(PROBLEM DETAILS)
Take the records below and copy them exactly.

(DATA RECORDS)

Record instance := Instance {
  quota : H -> nat;
  quota_pos : forall h, 0 < quota h;
  rlist : R -> seq H;
  rlist_uniq : forall r, uniq (rlist r);
  hlist : H -> seq R;
  hlist_uniq : forall h, uniq (hlist h)
}.

Definition match_t := (R * H)%type.

Definition extension (I J : instance) : Prop :=
  (forall h, quota J h = quota I h) /\
  (forall r, prefix (rlist I r) (rlist J r)) /\
  (forall h, prefix (hlist I h) (hlist J h)).

Definition hospital_complete (I : instance) : Prop :=
  forall h r, r \in hlist I h.

Inductive event := Prop_ev of match_t | Rej_ev of match_t.

Definition is_prop_of (m : match_t) (e : event) : bool :=
  if e is Prop_ev m' then m' == m else false.
Definition is_rej_of (m : match_t) (e : event) : bool :=
  if e is Rej_ev m' then m' == m else false.

Definition propS (s : seq event) : {set match_t} := [set m | has (is_prop_of m) s].
Definition rejS (s : seq event) : {set match_t} := [set m | has (is_rej_of m) s].
Definition tentS (s : seq event) : {set match_t} := propS s :\: rejS s.

Definition in_res (M : {set match_t}) (r : R) : bool := [exists h, (r, h) \in M].

Definition ousted (I : instance) (M : {set match_t}) (m : match_t) : bool :=
  let: (r, h) := m in
  let L := hlist I h in
  let inM := fun r' => (r', h) \in M in
  (quota I h <= count inM L) &&
  ((r \notin L) || (quota I h <= count inM (take (index r L) L))).

Definition can_propose (I : instance) (s : seq event) (m : match_t) : bool :=
  let: (r, h) := m in
  [&& ~~ in_res (tentS s) r, m \notin propS s, h \in rlist I r &
      all (fun h' => (r, h') \in rejS s) (take (index h (rlist I r)) (rlist I r))].

Definition can_reject (I : instance) (s : seq event) (m : match_t) : bool :=
  ousted I (propS s) m && (m \notin rejS s).

Definition step_ok (I : instance) (s : seq event) (e : event) : bool :=
  match e with
  | Prop_ev m => can_propose I s m
  | Rej_ev m => can_reject I s m
  end.

Inductive feasible (I : instance) : seq event -> Prop :=
  | feasible_nil : feasible I [::]
  | feasible_rcons s e : feasible I s -> step_ok I s e -> feasible I (rcons s e).

Definition maximal (I : instance) (s : seq event) : Prop :=
  feasible I s /\ forall e, ~ feasible I (rcons s e).

(* prop(I), rej(I): matches proposed/rejected in a maximal I-feasible sequence
   (all maximal sequences contain the same events, so this is well defined). *)
Definition propI (I : instance) (m : match_t) : Prop :=
  exists s, maximal I s /\ m \in propS s.
Definition rejI (I : instance) (m : match_t) : Prop :=
  exists s, maximal I s /\ m \in rejS s.

Definition resident_minimal (I : instance) : Prop :=
  forall r h, propI I (r, h) <-> h \in rlist I r.

Definition simple_ext (I J : instance) : Prop :=
  extension I J /\
  forall m, ~ ((propI J m /\ ~ propI I m) /\ (rejI J m /\ ~ rejI I m)).

End HR.

(* Fix a maximal J-run sJ in which no resident skips a hospital.  Its rejection set X
   is closed: it contains every match ousted from the set P of matches proposable once
   the matches of X are rejected, and P is exactly its set of proposals; moreover every
   closed set contains all rejections of every run.  J' cuts each resident's J-list
   before the first hospital h such that (r, h) is not in P or is entirely new (h not on
   r's I-list, r not on h's J-list, (r, h) not in X), and appends all missing residents
   to each hospital's J-list.  Every J-rejection is forced in J' as well, since the
   proposals J' drops come from residents absent from the hospital's J-list and do not
   change its counts.  Conversely X, together with the matches (r, h) with r absent from
   h's J-list and h not filled by P, is closed for J'; so a match proposed and rejected
   in J' but not in I lies in P and X, contradicting the simplicity of J. *)

From mathcomp Require Import all_boot.
From Stdlib Require Import Classical.
Set Implicit Arguments. Unset Strict Implicit. Unset Printing Implicit Defensive.

Lemma take_index_prefix (T : eqType) (l1 l2 : seq T) x :
  prefix l1 l2 -> x \in l1 -> take (index x l2) l2 = take (index x l1) l1.
Proof.
by case/prefixP=> t -> x_l1; rewrite index_cat x_l1 take_cat index_mem x_l1.
Qed.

(SOLUTION TO THIS PROBLEM)
Record instance := Instance {
  quota : H -> nat;
  quota_pos : forall h, 0 < quota h;
  rlist : R -> seq H;
  rlist_uniq : forall r, uniq (rlist r);
  hlist : H -> seq R;
  hlist_uniq : forall h, uniq (hlist h)
}.

Definition match_t := (R * H)%type.

Definition extension (I J : instance) : Prop :=
  (forall h, quota J h = quota I h) /\
  (forall r, prefix (rlist I r) (rlist J r)) /\
  (forall h, prefix (hlist I h) (hlist J h)).

Definition hospital_complete (I : instance) : Prop :=
  forall h r, r \in hlist I h.

Inductive event := Prop_ev of match_t | Rej_ev of match_t.

Definition is_prop_of (m : match_t) (e : event) : bool :=
  if e is Prop_ev m' then m' == m else false.
Definition is_rej_of (m : match_t) (e : event) : bool :=
  if e is Rej_ev m' then m' == m else false.

Definition propS (s : seq event) : {set match_t} := [set m | has (is_prop_of m) s].
Definition rejS (s : seq event) : {set match_t} := [set m | has (is_rej_of m) s].
Definition tentS (s : seq event) : {set match_t} := propS s :\: rejS s.

Definition in_res (M : {set match_t}) (r : R) : bool := [exists h, (r, h) \in M].

Definition ousted (I : instance) (M : {set match_t}) (m : match_t) : bool :=
  let: (r, h) := m in
  let L := hlist I h in
  let inM := fun r' => (r', h) \in M in
  (quota I h <= count inM L) &&
  ((r \notin L) || (quota I h <= count inM (take (index r L) L))).

Definition can_propose (I : instance) (s : seq event) (m : match_t) : bool :=
  let: (r, h) := m in
  [&& ~~ in_res (tentS s) r, m \notin propS s, h \in rlist I r &
      all (fun h' => (r, h') \in rejS s) (take (index h (rlist I r)) (rlist I r))].

Definition can_reject (I : instance) (s : seq event) (m : match_t) : bool :=
  ousted I (propS s) m && (m \notin rejS s).

Definition step_ok (I : instance) (s : seq event) (e : event) : bool :=
  match e with
  | Prop_ev m => can_propose I s m
  | Rej_ev m => can_reject I s m
  end.

Inductive feasible (I : instance) : seq event -> Prop :=
  | feasible_nil : feasible I [::]
  | feasible_rcons s e : feasible I s -> step_ok I s e -> feasible I (rcons s e).

Definition maximal (I : instance) (s : seq event) : Prop :=
  feasible I s /\ forall e, ~ feasible I (rcons s e).

(* prop(I), rej(I): matches proposed/rejected in a maximal I-feasible sequence
   (all maximal sequences contain the same events, so this is well defined). *)
Definition propI (I : instance) (m : match_t) : Prop :=
  exists s, maximal I s /\ m \in propS s.
Definition rejI (I : instance) (m : match_t) : Prop :=
  exists s, maximal I s /\ m \in rejS s.

Definition resident_minimal (I : instance) : Prop :=
  forall r h, propI I (r, h) <-> h \in rlist I r.

Definition simple_ext (I J : instance) : Prop :=
  extension I J /\
  forall m, ~ ((propI J m /\ ~ propI I m) /\ (rejI J m /\ ~ rejI I m)).

End HR.

(* Fix a maximal J-run sJ in which no resident skips a hospital.  Its rejection set X
   is closed: it contains every match ousted from the set P of matches proposable once
   the matches of X are rejected, and P is exactly its set of proposals; moreover every
   closed set contains all rejections of every run.  J' cuts each resident's J-list
   before the first hospital h such that (r, h) is not in P or is entirely new (h not on
   r's I-list, r not on h's J-list, (r, h) not in X), and appends all missing residents
   to each hospital's J-list.  Every J-rejection is forced in J' as well, since the
   proposals J' drops come from residents absent from the hospital's J-list and do not
   change its counts.  Conversely X, together with the matches (r, h) with r absent from
   h's J-list and h not filled by P, is closed for J'; so a match proposed and rejected
   in J' but not in I lies in P and X, contradicting the simplicity of J. *)

From mathcomp Require Import all_boot.
From Stdlib Require Import Classical.
Set Implicit Arguments. Unset Strict Implicit. Unset Printing Implicit Defensive.

Lemma take_index_prefix (T : eqType) (l1 l2 : seq T) x :
  prefix l1 l2 -> x \in l1 -> take (index x l2) l2 = take (index x l1) l1.
Proof.
by case/prefixP=> t -> x_l1; rewrite index_cat x_l1 take_cat index_mem x_l1.
Qed.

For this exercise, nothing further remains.